To simplify the problem understanding, we define a page table system with M = simple, and the maximum rank is also n = 3, but a[0] = 1, A [1] = 4, a[2] = 16. Each level contains three page table entries. Given the virtual address v = (2, 2, 2) to v + n = (5, 2, 1), map to the physical address p = (2, 2, 2).

Now we are at the highest level 3 and will assign r(v) = (2, 2, 2).. =(5, 2, 1) to p =(2, 2, 2). If you use large pages directly, you must ensure that both levels 2 and 1 are numbered 0. That is, only r(v) = (3, 0, 0).. 5, 0, 0, p is equal to 3, 0, 0.

Why not assign (2, 0, 0).. How about 3, 0, 0 to 2, 0, 0? Because this would allocate more than (2, 2, 2).. Phi is equal to the range of 5, 2, 1, which is different from the problem we’re trying to solve. Similarly, it cannot assign (5, 0, 0).. (6, 0, 0) to (5, 0, 0). The scope of this section needs to be accomplished with the help of lower level large pages.

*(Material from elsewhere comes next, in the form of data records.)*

(* Cut the box [0, n]^d by a generic perturbation of [w]: the [n] lightest
   exponents of the box form a corner cut, lying below every axis point
   [n e_i], and hence below everything outside the box. *)
Lemma exists_wdeg_min_corner_cut n d (w : 'I_d -> R) :
  (0 < n)%N -> (0 < d)%N -> (forall i, 0 < w i) ->
  exists (c : 'I_d -> R) (t : R) (L : seq (expo d)),
  [/\ forall i, 0 < c i, uniq L, size L = n, separates c t L &
      forall a b, a \in L -> b \notin L -> wdeg w a <= wdeg w b].
Proof.
move=> n_gt0 d_gt0 w_gt0; pose B := box d n.
have [c [c_gt0 c_inj c_mono]] := perturbed_weight n w_gt0.
have c_ge0 i : 0 <= c i by apply: ltW.
have n_lt : (0 < n < size B)%N.
  rewrite n_gt0 size_box -(subnKC d_gt0) expnS.
  by have := expn_gt0 n.+1 (d - 1); nia.
have [t [count_t t_neq]] := exists_threshold (uniq_box d n) c_inj n_lt.
pose L := [seq a <- B | wdeg c a < t].
have memL a : (a \in L) = (a \in B) && (wdeg c a < t) by rewrite mem_filter andbC.
have uL : uniq L by rewrite filter_uniq ?uniq_box.
have sL : size L = n by rewrite size_filter.
have sep_box b : b \in B -> b \notin L -> t < wdeg c b.
  by move=> bB; rewrite memL bB /= -leNgt le_eqVlt eq_sym (negbTE (t_neq b bB)).
have stL : staircase L.
  split=> // a b; rewrite !memL => /andP [aB a_lt] ba; apply/andP; split.
    rewrite mem_box; apply/forallP => i.
    by apply: leq_trans (ba i) _; rewrite -ltnS box_ltn.
  by apply: le_lt_trans a_lt; apply: wdeg_le.
have box_below b : b \notin L -> exists2 b', b' \in B /\ b' \notin L & expo_le b' b.
  move=> bL; case: (boolP (b \in B)) => [bB|/notin_box_ge_axis [i [iB ib]]].
    by exists b.
  exists (axis i n) => //; split=> //; apply/negP => /(staircase_ltn_size stL)/(_ i).
  by rewrite sL axisE eqxx ltnn.
exists c, t, L; split=> // [a|a b aL /box_below [b' [b'B b'L] b'b]].
  split=> [|/box_below [b' [b'B b'L] b'b]]; first by rewrite memL => /andP [].
  by apply: lt_le_trans (sep_box _ b'B b'L) (wdeg_le c_ge0 b'b).
apply: le_trans (wdeg_le (fun i => ltW (w_gt0 i)) b'b).
move: aL; rewrite memL leNgt => /andP [aB a_lt]; apply/negP.
by move=> /(c_mono _ _ b'B aB); have := sep_box _ b'B b'L; lra.
Qed.

Lemma sum_le_pairwise (X Y : seq R) : (size X <= size Y)%N ->
  (forall x y, x \in X -> y \in Y -> x <= y) -> (forall y, y \in Y -> 0 <= y) ->
  \sum_(x <- X) x <= \sum_(y <- Y) y.
Proof.
elim: X Y => [|x X IH] Y sXY XY Y_ge0; first by rewrite big_nil big_seq sumr_ge0.
case: Y sXY XY Y_ge0 => [//|y Y] /= sXY XY Y_ge0.
rewrite !big_cons; apply: lerD; first by rewrite XY ?mem_head.
apply: IH => // [x' y' x'X y'Y|y' y'Y].
  by rewrite XY // inE ?x'X ?y'Y orbT.
by rewrite Y_ge0 // inE y'Y orbT.
Qed.

(* Both sums contain the terms indexed by the elements common to [S] and [U];
   the remaining ones are compared termwise. *)
Lemma sum_le_exchange (T : eqType) (f : T -> R) (S U : seq T) :
  uniq S -> uniq U -> (size S <= size U)%N ->
  (forall a b, a \in S -> b \notin S -> f a <= f b) -> (forall a, 0 <= f a) ->
  \sum_(a <- S) f a <= \sum_(a <- U) f a.
Proof.
move=> uS uU sSU f_lt f_ge0.
rewrite (bigID (mem U)) [X in _ <= X](bigID (mem S)) /=.
have common : perm_eq [seq a <- S | a \in U] [seq a <- U | a \in S].
  by apply: uniq_perm; rewrite ?filter_uniq // => a; rewrite !mem_filter andbC.
rewrite -[\sum_(a <- S | a \in U) f a]big_filter.
rewrite -[\sum_(a <- U | a \in S) f a]big_filter (perm_big _ common) lerD2l.
rewrite -[\sum_(a <- S | _) f a]big_filter -[\sum_(a <- U | _) f a]big_filter.
rewrite -[X in X <= _](big_map f xpredT id) -[X in _ <= X](big_map f xpredT id).
apply: sum_le_pairwise.
- have countC V W : count (fun a => a \notin V) W = (size W - count (mem V) W)%N.
    by rewrite -(count_predC (mem V) W) addKn.
  rewrite !size_map !size_filter !countC -!size_filter (perm_size common).
  exact: leq_sub2r.
- move=> x y /mapP [a]; rewrite mem_filter => /andP [_ aS] -> /mapP [b].
  by rewrite mem_filter => /andP [bS _] ->; apply: f_lt.
- by move=> y /mapP [b _ ->].
Qed.

Theorem theorem4 (n d : nat) (w : 'I_d -> R) :
  (0 < n)%N -> (0 < d)%N -> (forall i, 0 < w i) ->
  exists (D : seq (point d)) (L : seq (expo d)),
    [/\ generic n D, in_algebraic_fan D L &
        forall (D' : seq (point d)) (L' : seq (expo d)),
          is_design n D' -> in_algebraic_fan D' L' ->
          aberration n w L <= aberration n w L'].
Proof.
move=> n_gt0 d_gt0 w_gt0.
have [c [t [L [c_gt0 uL sL sep L_min]]]] :=
  exists_wdeg_min_corner_cut n_gt0 d_gt0 w_gt0.
have stL : staircase L := separates_staircase (fun i => ltW (c_gt0 i)) uL sep.
have cornerL : corner_cut n L by split=> //; split=> //; exists c, t.
have genD := generic_design_generic n d_gt0.
exists (generic_design n d), L; split=> //.
  have [_ [_ [sD det_neq0]]] := genD.2 L cornerL.
  exact: separates_in_algebraic_fan uL sL sD det_neq0 c t c_gt0 sep.
move=> D' L' designD' [uL' [le [tle fanL']]].
rewrite /aberration ler_wpM2l ?invr_ge0 ?ler0n //.
apply: (sum_le_exchange (f := wdeg w)) => //.
  by rewrite sL (size_algebraic_fan d_gt0 designD' tle fanL').
by move=> a; apply: wdeg_ge0 => i; apply: ltW.
Qed.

The level 3 allocation is complete, then we use the level 2 page table to allocate nearby fragmentary (2, 3, 0).. (3, 0, 0) and (5, 0, 0).. (5, 2, 0). Assign (2, 3, 0).. (3, 0, 0) to (2, 3, 0); (5, 0, 0).. 5, 2, 0, to 5, 0, 0.

Finally, with the aid of a level 1 page table, assign (2, 2, 2).. (2, 3, 0) to (2, 2, 2); (5, 2, 0).. 5, 2, 2, to 5, 2, 0. At this point, all allocations are complete.

Because this method requires the allocation of physical large pages on the virtual large page, the base address of the two large pages must have the same alignment, therefore, the difference between the virtual page number and physical page number must be aligned to the corresponding page, that is, v = p (mod a[k]), then this allocation method can be used. Otherwise a lower level of allocation should be used. (Think about why.) Otherwise, an exception for alignment requirements will be generated during allocation.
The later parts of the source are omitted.